Muhammadi was one of 64 young Afghan women who had previously been at the AUW who were able to enroll at ASU. The group arrived in Tempe in December 2021. ASU officially cosponsored the students alongside the International Rescue Committee (IRC) and a local organization, Welcome to America. Arizona State also partnered with local nongovernmental organizations and volunteer groups, which donated clothing and household goods. Brown University, Cornell University, the University of Delaware, DePaul University, Georgia State University, the University of North Texas, the University of Wisconsin-Milwaukee, and the University of West Virginia enrolled the other AUW refugee students.
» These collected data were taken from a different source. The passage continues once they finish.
Lemma in_FG_exp_primitive : in_FG astar G f g.
Proof.
split; [split|split].
- exact: measurable_funTS.
- rewrite /oI (@integral_itvoo_Rintegral _ _ 0 astar 1) ?ltry//.
    exact: measurable_funX.
  by move=> x _ _; rewrite f_sqr.
- apply: (@distr_deriv_primitive _ _ _ _ 1 (beta * m^-1) (ltW astar_gt0)
    measurable_f measurable_g).
  + by move=> x y x0 xy _; exact: exp_primitive_sub.
  + by move=> x _ _; exact: normr_f.
  + by move=> x _ _; exact: normr_g.
have gxG : mu.-integrable (oI astar) (fun x => ((g x) ^+ 2 * x * G x)%:E).
  apply: (@measurable_bounded_integrable _ _ _ mu (fun x => g x ^+ 2 * x * G x) (oI astar)
    (measurable_itv _)).
  - by rewrite /mu /= lebesgue_measure_itv/=; case: ifP => _ //; exact: ltry.
  - apply: measurable_funM; last exact: measurable_funS mG.
    apply: measurable_funM; first exact: measurable_funTS (measurable_funX _ measurable_g).
    exact: measurable_funTS.
  exists ((beta * m^-1) ^+ 2 * astar * M); split; first by rewrite num_real.
  move=> K KK x xo; have /andP[G0 GM] := G_bounded (oI_subset xo).
  move: xo; rewrite /oI /= in_itv/= => /andP[x0 xA].
  apply/ltW/(le_lt_trans _ KK).
  rewrite normrM normrM normrX (gtr0_norm x0) (ger0_norm G0).
  apply: ler_pM => //; first exact: mulr_ge0 (exprn_ge0 _ (normr_ge0 _)) (ltW x0).
  apply: ler_pM; [exact: exprn_ge0|exact: ltW x0| |exact: ltW xA].
  by rewrite lerXn2r ?nnegrE ?normr_g// divr_ge0// ltW.
by have /(_ (measurable_itv _))/fin_numPlt/andP[] := integrable_fin_num _ gxG.
Qed.

Let Iu := \int[mu]_(s in `[0, astar]) u s.
Let Iw := \int[mu]_(s in `[0, astar]) (u s * h s * s).

Let measurable_uhx : measurable_fun setT (fun s => u s * h s * s).
Proof. by apply: measurable_funM => //; exact: measurable_funM. Qed.

Let normr_uhx x : 0 <= x -> x <= astar -> `|u x * h x * x| <= 1 * m^-1 * astar.
Proof. by move=> x0 xA; rewrite !normrM (ger0_norm x0) !ler_pM. Qed.

Lemma integral_sqr_exp_primitive :
  (\int[mu]_(x in oI astar) ((f x) ^+ 2)%:E)%E = Iu%:E.
Proof.
under eq_integral do rewrite f_sqr.
by rewrite (@integral_itvoo_Rintegral _ u 0 astar 1).
Qed.

(* [G h = 1] a.e., so both terms of the numerator equal [beta ^+ 2 * x * h x * u x]. *)
Lemma rayleigh_numerator_exp_primitive :
  (\int[mu]_(x in oI astar)
     (x * G x * (g x) ^+ 2 + beta ^+ 2 * x / G x * (f x) ^+ 2)%:E)%E =
  ((2 * beta ^+ 2) * Iw)%:E.
Proof.
rewrite (@ae_eq_integral _ _ _ mu (oI astar)
  (fun x => ((2 * beta ^+ 2) * (u x * h x * x))%:E)); first last.
- apply: (negligibleS _ G_ge) => x /= neq Gx; apply: neq => xo.
  have x0A := oI_subset xo; have G_gt0 := lt_le_trans m_gt0 (Gx x0A).
  rewrite /g (h_eq_inv x0A (Gx x0A)) -f_sqr; congr EFin; field.
  by rewrite gt_eqF.
- by apply/measurable_EFinP; apply: measurable_funTS; exact: measurable_funM.
- apply/measurable_EFinP; apply: measurable_funD.
    apply: measurable_funM; last exact: measurable_funTS (measurable_funX _ measurable_g).
    by apply: measurable_funM; [exact: measurable_funTS|exact: measurable_funS mG].
  apply: measurable_funM; last exact: measurable_funTS (measurable_funX _ measurable_f).
  apply: measurable_funM; first by apply: measurable_funM => //; exact: measurable_funTS.
  exact: measurableT_comp (@measurable_inv R) (measurable_funS _ oI_subset mG).
- exact: measurable_itv.
rewrite (@integral_itvoo_Rintegral _ _ 0 astar ((2 * beta ^+ 2) * (1 * m^-1 * astar))).
- by rewrite RintegralZl//; exact: bounded_integrable_itvcc measurable_uhx normr_uhx.
- exact: measurable_funM.
- by move=> x x0 xA; rewrite normrM ger0_norm ?ler_pM ?normr_uhx ?mulr_ge0 ?exprn_ge0.
Qed.

(* Integration by parts of [u = f ^+ 2] against [x], using [u' = - 2 beta h u]. *)
Lemma integral_sqr_exp_primitive_by_parts : Iu = astar * u astar + 2 * beta * Iw.
Proof.
have u_sub x y : 0 <= x -> x <= y -> y <= astar ->
    u y - u x = \int[mu]_(s in `[x, y]) (- (2 * beta) * (u s * h s)).
  by move=> x0 xy _; exact: exp_primitive_sub.
have id_sub x y : 0 <= x -> x <= y -> y <= astar ->
    id y - id x = \int[mu]_(s in `[x, y]) (fun _ : R => 1) s.
  by move=> x0 xy _; rewrite Rintegral_cst// mul1r fine_lebesgue_measure_itvcc.
have bk x : 0 <= x -> x <= astar -> `|- (2 * beta) * (u x * h x)| <= 2 * beta * m^-1.
  move=> _ _; rewrite normrM normrN (ger0_norm beta2_ge0).
  by apply: ler_pM => //; rewrite normrM -[m^-1]mul1r; exact: ler_pM.
have bid x : 0 <= x -> x <= astar -> `|id x| <= astar by move=> x0 xA; rewrite ger0_norm.
have b1 (x : R) : 0 <= x -> x <= astar -> `|1 : R| <= 1 by rewrite normr1.
have := @Rintegration_by_parts_bounded _ u _ id (fun _ => 1) 0 astar 1 _ astar 1
  measurable_u (measurable_funM (measurable_cst _) (measurable_funM measurable_u measurable_h))
  (@measurable_id _ _ setT) (measurable_cst _) u_sub id_sub (fun x _ _ => normr_u x) bk bid
  b1 (ltW astar_gt0).
under eq_Rintegral do rewrite mulr1.
rewrite -/Iu mulr0 subr0 => ->.
have -> : \int[mu]_(s in `[0, astar]) (- (2 * beta) * (u s * h s) * id s) =
    - (2 * beta) * Iw.
  rewrite -RintegralZl//; last exact: bounded_integrable_itvcc measurable_uhx normr_uhx.
  by apply: eq_Rintegral => x _ /=; ring.
ring.
Qed.

Lemma rayleigh_exp_primitive_lt : (rayleigh astar G beta f g < beta%:E)%E.
Proof.
have Iw_ge0 : 0 <= Iw.
  apply: Rintegral_ge0 => x; rewrite /= in_itv/= => /andP[x0 _].
  have /andP[u0 _] := exp_primitive_gt0_le1 h_ge0 beta2_ge0 x.
  by rewrite !mulr_ge0// ltW.
have uA : 0 < u astar by have /andP[] := exp_primitive_gt0_le1 h_ge0 beta2_ge0 astar.
have Iu_gt0 : 0 < Iu.
  rewrite integral_sqr_exp_primitive_by_parts.
  by rewrite (lt_le_trans (mulr_gt0 astar_gt0 uA))// lerDl mulr_ge0.
rewrite /rayleigh rayleigh_numerator_exp_primitive integral_sqr_exp_primitive.
rewrite inver (gt_eqF Iu_gt0) lte_pdivrMr// -EFinM lte_fin.
rewrite integral_sqr_exp_primitive_by_parts mulrDr.
have -> : beta * (2 * beta * Iw) = 2 * beta ^+ 2 * Iw by ring.
by rewrite ltrDr mulr_gt0// mulr_gt0.
Qed.

Lemma kappa1_lt_beta : (kappa1 astar G beta < beta%:E)%E.
Proof.
apply: le_lt_trans rayleigh_exp_primitive_lt; apply: ge_ereal_inf.
exists (rayleigh astar G beta f g) => //; exists f, g.
by split; [exact: nonzero_L2_exp_primitive|split; [exact: in_FG_exp_primitive|]].
Qed.

End RayleighBelowBeta.

Theorem mainTheorem15 (R : realType) (astar : R) (G : R -> R) (beta : R) :
  0 < astar ->
  measurable_fun `[0, astar] G ->
  (exists M : R, forall x : R, x \in `[0, astar] -> 0 <= G x <= M) ->
  {ae (@lebesgue_measure R), forall x : R, x \in `[0, astar] -> 4 * pi <= G x} ->
  0 < beta ->
  (kappa1 astar G beta < beta%:E)%E.
Proof.
move=> astar_gt0 mG [M G_bounded] G_ge beta_gt0.
apply: (@kappa1_lt_beta R astar (4 * pi) M) => //.
by rewrite mulr_gt0// pi_gt0.
Qed.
ASU was able to host the largest group of Afghan students because ASU President Michael Crow supported the Afghan Women’s Education Project from its inception, says Pamela DeLargy, executive director of the Education for Humanity (E4H) program and a professor of practice in global studies. Crow’s early support also helped mobilize the rest of the campus community.
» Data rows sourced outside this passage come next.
(* Let $k$ be an algebraically closed field of characteristic zero and let $A$ be a standard graded $k$-algebra which is not a principal ideal algebra. Let $r=\operatorname{crit.deg.}(A)$ be its critical degree. Then there exists a surjective $k$-algebra homomorphism $$A\twoheadrightarrow Q(r)=k[X,Y]/\langle X^{r+1},X^rY,Y^2\rangle .$$
   Context: All algebras are commutative, unital and finite dimensional over $k$. A principal ideal algebra is a finite dimensional commutative $k$-algebra in which every ideal is principal. A finite dimensional non-negatively graded algebra $A=A_0\oplus A_1\oplus\cdots\oplus A_n$ is standard if $M=A_1\oplus\cdots\oplus A_n$ is a maximal ideal generated by elements of degree one. For such $A$ not a principal ideal algebra, let $\mathcal{E}$ be the set of $i\in\mathbb{N}$ for which there exist $N\ge0$ and a $k$-algebra homomorphism $\alpha:A\to k[t]/\langle t^{N+1}\rangle$ with $\dim_k\alpha(A_i)\ge2$; this set is finite and nonempty, and the critical degree is $\operatorname{crit.deg.}(A)=\max\mathcal{E}$. *)

From HB Require Import structures.
From mathcomp Require Import all_boot all_order all_algebra falgebra.
Set Implicit Arguments. Unset Strict Implicit. Unset Printing Implicit Defensive.
Import Order.TTheory GRing.Theory.
Local Open Scope ring_scope.

Definition in_ideal (R : comNzRingType) (gs : seq R) (p : R) : Prop :=
  exists cs : seq R, size cs = size gs /\ p = \sum_(i < size gs) cs`_i * gs`_i.

Definition congr_mod (R : comNzRingType) (gs : seq R) (p q : R) : Prop :=
  in_ideal gs (p - q).

(* A k-algebra homomorphism  A -> R/<gs>,  represented by a map f : A -> R of
   representatives; emb : k -> R is the structure map of the k-algebra R. *)
Definition quot_hom (k : fieldType) (A : falgType k) (R : comNzRingType)
  (emb : k -> R) (gs : seq R) (f : A -> R) : Prop :=
  [/\ forall (c : k) (x y : A), congr_mod gs (f (c *: x + y)) (emb c * f x + f y),
      congr_mod gs (f 1) 1
    & forall x y : A, congr_mod gs (f (x * y)) (f x * f y)].

Definition quot_hom_surj (k : fieldType) (A : falgType k) (R : comNzRingType)
  (gs : seq R) (f : A -> R) : Prop :=
  forall p : R, exists a : A, congr_mod gs (f a) p.

Definition is_ideal (k : fieldType) (A : falgType k) (I : {vspace A}) : Prop :=
  forall a x : A, x \in I -> a * x \in I.

Definition is_max_ideal (k : fieldType) (A : falgType k) (I : {vspace A}) : Prop :=
  [/\ is_ideal I, I != fullv &
      forall J : {vspace A}, is_ideal J -> (I <= J)%VS -> J = I \/ J = fullv].

Definition gen_ideal (k : fieldType) (A : falgType k) (s : seq A) (x : A) : Prop :=
  exists cs : seq A, size cs = size s /\ x = \sum_(i < size s) cs`_i * s`_i.

Definition is_principal_ideal_algebra (k : fieldType) (A : falgType k) : Prop :=
  forall I : {vspace A}, is_ideal I ->
    exists g : A, forall x : A, x \in I <-> exists a : A, x = a * g.

Definition is_grading (k : fieldType) (A : falgType k) (n : nat)
  (G : nat -> {vspace A}) : Prop :=
  [/\ forall i, (n < i)%N -> G i = 0%VS,
      (\sum_(i < n.+1) G i)%VS = fullv,
      directv (\sum_(i < n.+1) G i)%VS
    & forall i j (x y : A), x \in G i -> y \in G j -> x * y \in G (i + j)%N].

Definition irrelevant_ideal (k : fieldType) (A : falgType k) (n : nat)
  (G : nat -> {vspace A}) : {vspace A} :=
  (\sum_(i < n.+1 | (0 < i)%N) G i)%VS.

Definition is_standard_grading (k : fieldType) (A : falgType k) (n : nat)
  (G : nat -> {vspace A}) : Prop :=
  [/\ is_grading n G,
      is_max_ideal (irrelevant_ideal n G)
    & exists s : seq A, all (fun x => x \in G 1%N) s /\
        forall x : A, x \in irrelevant_ideal n G <-> gen_ideal s x].

(* i is in the set E: there are N and a k-algebra hom alpha : A -> k[t]/<t^(N+1)>
   with dim alpha(A_i) >= 2, i.e. alpha(A_i) contains two linearly independent
   elements. *)
Definition in_E (k : fieldType) (A : falgType k) (G : nat -> {vspace A}) (i : nat)
  : Prop :=
  exists (N : nat) (alpha : A -> {poly k}),
    quot_hom (fun c : k => c%:P) [:: 'X^(N.+1)] alpha /\
    exists a b : A, [/\ a \in G i, b \in G i &
      forall c d : k,
        congr_mod [:: 'X^(N.+1)] (c%:P * alpha a + d%:P * alpha b) 0 ->
        c = 0 /\ d = 0].

Definition is_crit_deg (k : fieldType) (A : falgType k) (G : nat -> {vspace A})
  (r : nat) : Prop :=
  in_E G r /\ forall i, in_E G i -> (i <= r)%N.

(* Q(r) = k[X,Y]/<X^(r+1), X^r Y, Y^2>, with k[X,Y] = {poly {poly k}},
   X the outer variable 'X and Y the inner variable 'X%:P. *)
Definition QX (k : fieldType) : {poly {poly k}} := 'X.
Definition QY (k : fieldType) : {poly {poly k}} := ('X)%:P.
Definition Q_rels (k : fieldType) (r : nat) : seq {poly {poly k}} :=
  [:: QX k ^+ r.+1; QX k ^+ r * QY k; QY k ^+ 2].

From HB Require Import structures.
From mathcomp Require Import all_boot all_order all_algebra falgebra.
From mathcomp Require Import ring zify.
From Stdlib Require Import Classical Wf_nat.
(* Let alpha : A -> k[t]/(t^(N+1)) witness r in E.  Let a be the least t-order of alpha
   on A_1, attained at x0, write W = alpha(x0) = t^a V, and let b >= 1 be maximal such that
   alpha(A_1) agrees with multiples of W below order a + b.  As A is generated in degree one,
   for x in A_d (d >= 1) the series alpha(x) agrees up to order da + b with
   t^(da) V^d (l + m t^b) = l W^d + m W^(d-1) (W t^b) for scalars l = lam_d(x), m = mu_d(x),
   and these scalars multiply like the coefficients of l X^d + m X^(d-1) Y in Q(r).
   If ra + b > N, alpha(A_r) would lie on the line through W^r, contradicting
   dim alpha(A_r) >= 2; hence lam_d, mu_d are defined for d <= r, and sending x in A_d to
   lam_d(x) X^d + mu_d(x) X^(d-1) Y is a homomorphism onto Q(r): X is the image of x0, and
   Y is hit thanks to a degree-one element with mu_1 <> 0, which exists by maximality of b.
   In degree zero A_0 = k, as A_0 = A/M is a field finite over the algebraically closed k. *)

Set Implicit Arguments. Unset Strict Implicit. Unset Printing Implicit Defensive.
Import GRing.Theory.
Local Open Scope ring_scope.

Lemma exists_threshold (P : nat -> Prop) m : P 1 -> ~ P m.+1 ->
  exists b, [/\ (0 < b)%N, P b & ~ P b.+1].
Proof.
move=> P1; elim: m => [|m ih] notP; first by [].
by have [Pm|notPm] := classic (P m.+1); [exists m.+1 | exact: ih].
Qed.

Section Ideals.
Variables (R : comNzRingType) (gs : seq R).

Lemma in_idealP p :
  in_ideal gs p <-> exists c : 'I_(size gs) -> R, p = \sum_i c i * gs`_i.
Proof.
split=> [[cs [_ ->]]|[c ->]]; first by exists (fun i => cs`_i).
exists [tuple c i | i < size gs]; rewrite size_tuple; split=> //.
by apply: eq_bigr => i _; rewrite -tnth_nth tnth_mktuple.
Qed.

Lemma in_ideal0 : in_ideal gs 0.
Proof. by apply/in_idealP; exists (fun=> 0); rewrite big1 // => i _; rewrite mul0r. Qed.

Lemma in_idealD p q : in_ideal gs p -> in_ideal gs q -> in_ideal gs (p + q).
Proof.
move=> /in_idealP[c ->] /in_idealP[d ->]; apply/in_idealP.
by exists (fun i => c i + d i); rewrite -big_split; apply: eq_bigr => i _; rewrite mulrDl.
Qed.

Lemma in_idealMl p q : in_ideal gs q -> in_ideal gs (p * q).
Proof.
move=> /in_idealP[c ->]; apply/in_idealP.
by exists (fun i => p * c i); rewrite mulr_sumr; apply: eq_bigr => i _; rewrite mulrA.
Qed.

Lemma in_ideal_nth i : (i < size gs)%N -> in_ideal gs gs`_i.
Proof.
move=> lt_i; apply/in_idealP; exists (fun j => (j == Ordinal lt_i)%:R).
by rewrite (bigD1 (Ordinal lt_i)) //= eqxx mul1r big1 ?addr0 // => j /negbTE->; rewrite mul0r.
Qed.

Lemma in_ideal_sum (I : finType) (F : I -> R) :
  (forall i, in_ideal gs (F i)) -> in_ideal gs (\sum_i F i).
Proof. by move=> hF; elim/big_rec: _ => [|i p _]; [exact: in_ideal0 | exact: in_idealD]. Qed.

Lemma congr_mod_refl p : congr_mod gs p p.
Proof. by rewrite /congr_mod subrr; exact: in_ideal0. Qed.

Lemma congr_mod_trans p q u : congr_mod gs p q -> congr_mod gs q u -> congr_mod gs p u.
Proof. by move=> hpq hqu; have := in_idealD hpq hqu; rewrite addrA subrK. Qed.

Lemma congr_modD p q p' q' :
  congr_mod gs p q -> congr_mod gs p' q' -> congr_mod gs (p + p') (q + q').
Proof. by rewrite /congr_mod opprD addrACA; exact: in_idealD. Qed.

Lemma congr_modM p q p' q' :
  congr_mod gs p q -> congr_mod gs p' q' -> congr_mod gs (p * p') (q * q').
Proof.
move=> h h'; rewrite /congr_mod.
suff -> : p * p' - q * q' = p' * (p - q) + q * (p' - q') by apply: in_idealD; exact: in_idealMl.
by ring.
Qed.

Lemma congr_mod_sum (I : finType) (F F' : I -> R) :
  (forall i, congr_mod gs (F i) (F' i)) -> congr_mod gs (\sum_i F i) (\sum_i F' i).
Proof. by move=> hF; rewrite /congr_mod -sumrB; exact: in_ideal_sum. Qed.

End Ideals.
Creating Local and National Partnerships
“This was the first cosponsorship between a higher education institution and a resettlement agency,” DeLargy says. “We worked for many months ahead of time to coordinate how we were going to handle things like health care and getting Social Security numbers.”
ASU was well positioned to develop the Afghan Women's Education Project, building on the work the university had already been doing through E4H. Since 2017, the program has supported more than 5,700 learners in 15 countries, mainly in Africa and the Middle East. Previously, E4H focused primarily on serving refugees abroad by offering blended learning opportunities in collaboration with partners such as the United Nations’ refugee agency—UNHCR—and the Norwegian Refugee Council.
Two years prior to the arrival of the Afghan students in 2021, ASU launched a concerted effort to make its campuses more “refugee friendly.” This effort grew out of the desire to better serve the resettled refugee communities in Arizona and to sensitize a wider community of ASU faculty, staff, and students about forced migration and the educational challenges faced by refugees.
ASU had also started working with resettlement agencies during the pandemic when the university began offering online English classes to local refugee communities. The university reached out to the IRC about cosponsoring the Afghan students when it knew they were coming to campus.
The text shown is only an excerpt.